Мы возвращались домой с оравой знакомых и незнакомых мальчишек. Там, на Восточной Равнине, только что закончились Большие Детские Игры. Мальчишки, голосистые и шумные, притихли к вечеру. Может, потому, что незаметно подкралась ленивая усталость. И те, кому до  конечной, разлетелись по свободным местам: теперь, нахохлившись, сидят у темных окон.
В стекле неясно отражался салон и еще женщина с красной повязкой. Контролер! Нельзя сказать, что я боялся контролеров, однако похолодело в животе — совсем как в автобусе, когда едешь без билета. Но теперь-то билеты есть! И я облегченно зашарил по карманам. Мне почему-то не нравилась эта краснолицая тетка с полевой сумкой через плечо.

РАЗГОВОРЫ С ЖЕНЬКОЙ
— Тьфу! — чертыхнулся Женька и беспомощно проводил взглядом цепочку светлых квадратиков и красных огоньков — уходящий поезд. Огоньки быстро таяли в синей дали.— Ты тоже хорош!
— Да при чем тут я?
— А ну тебя! — Женька зашагал к слепым окошкам кассы, обернулся.— Ты чего? Пошли… Да пошевеливайся, ты!
Голос у него был обиженный и злой. Ну конечно, он же считает, что я во всем виноват. А кто мог знать, что Лешка, наш вожатый, сойдет вместе с билетами где-то у Серых Холмов? Ну кто?
Я спросил:
— Куда торопиться-то? До города вон сколько…
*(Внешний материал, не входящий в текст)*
(* Let $\Omega$ be a Polish space, $m$ a finite positive Borel measure on $\Omega$ and $f$ an entropy function. Then the internal energy $H_{f,m}\colon\mathcal M(\Omega)\to\mathbb R\cup\{+\infty\}$ is totally substitutable.
   Context: An entropy function is a proper, convex, lower semicontinuous $f\colon[0,\infty)\to[0,\infty]$ with $f(s)/s\to+\infty$ as $s\to\infty$. $\mathcal M(\Omega)$ is the Banach lattice of finite signed Borel measures (setwise order, total variation norm). $H_{f,m}(\mu)=\int_\Omega f(d\mu/dm)\,dm$ if $\mu$ is positive and absolutely continuous w.r.t. $m$, and $+\infty$ otherwise (if $m=0$, $H_{f,0}(\mu)=0$ for $\mu=0$ and $+\infty$ otherwise). On a Banach lattice $Y$, $[a,b]=\{y:a\leq y\leq b\}$; $H\colon Y\to\mathbb R\cup\{+\infty\}$ is totally substitutable if for all $\mu_1,\mu_2\in Y$ and all $\mu_1',\mu_2'\in[\mu_1\wedge\mu_2,\mu_1\vee\mu_2]$ with $\mu_1'+\mu_2'=\mu_1+\mu_2$ one has $H(\mu_1')+H(\mu_2')\leq H(\mu_1)+H(\mu_2)$. *)

From HB Require Import structures.
From mathcomp Require Import all_boot all_order all_algebra.
From mathcomp Require Import all_classical all_reals all_analysis.
Set Implicit Arguments. Unset Strict Implicit. Unset Printing Implicit Defensive.
Import Order.TTheory GRing.Theory Num.Theory.
Import numFieldNormedType.Exports.
Local Open Scope classical_set_scope.
Local Open Scope ring_scope.

Notation Borel T := (g_sigma_algebraType (@open T)).

(** A Polish space, presented by a compatible complete metric:
    T is a complete metric space (Hausdorff) that is separable. *)
Definition polish_space (R : realType) (T : completePseudoMetricType R) : Prop :=
  hausdorff_space T /\ exists D : set T, countable D /\ dense D.

Local Open Scope ereal_scope.

(** Entropy function f : [0,oo) -> [0,+oo], represented on all of R with the
    standard convention f = +oo on (-oo,0) (so convexity/lsc on R are
    exactly convexity/lsc on [0,oo)). *)
Definition entropy_function (R : realType) (f : R -> \bar R) : Prop :=
  (forall s : R, (s < 0)%R -> f s = +oo) /\
  [/\ (forall s : R, (0 <= s)%R -> 0 <= f s),
      (exists s : R, f s < +oo),
      (forall (s t l : R), (0 <= l <= 1)%R ->
         f (l * s + (1 - l) * t)%R <= l%:E * f s + (1 - l)%:E * f t),
      lower_semicontinuous f &
      (f s * (s^-1)%:E) @[s --> +oo%R] --> +oo].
До города было километров сорок.
Женька нетерпеливо шевельнулся на хрустящей щебенке:
— Вот балда! Думаешь, я хочу тащиться через эти джунгли? — Он мотнул головой в сторону чернеющего стеной недалекого леса.— Дурак. Переночевать надо.
— Сам…
— Чего? — не понял он.
— Сам дурак.— И я зашагал вдоль насыпи.
«Ну, все! Если ты думаешь, что меня можно обзывать как попало, то фиг тебе, Женечка! Вот так!..»
— Пашка, ну куда ты? Обиделся, что ли? Ну, Пашка!
«Что, Женечка, страшно одному?! Сейчас я тебе скажу…»
Но Женька стоял рядом, виновато переминаясь с ноги на ногу. В его глазах, как и в недалеких черных окнах кассы, отражалась желтая луна. И у меня вырвалось, почему-то шепотом:
— Бульдозер…
Женька моргнул и облегченно заулыбался — я назвал его старым необидным прозвищем. И в самом-то деле, разве похож щупленький и тонконогий Женька на бульдозер?!
Он потянул меня за руку:
— Пойдем. Поздно уже.
Проснувшийся осенний ветерок тихонько заструился со стороны остывающих рельсов, сорвав запах с потрескавшихся шпал.
Действительно, поздно.
Ветерок невидимой рукой пригладил траву и наши галстуки, пробежал холодным удавчиком по ногам.
А на Восточной Равнине еще лето… Жаль, конечно, что праздник кончился.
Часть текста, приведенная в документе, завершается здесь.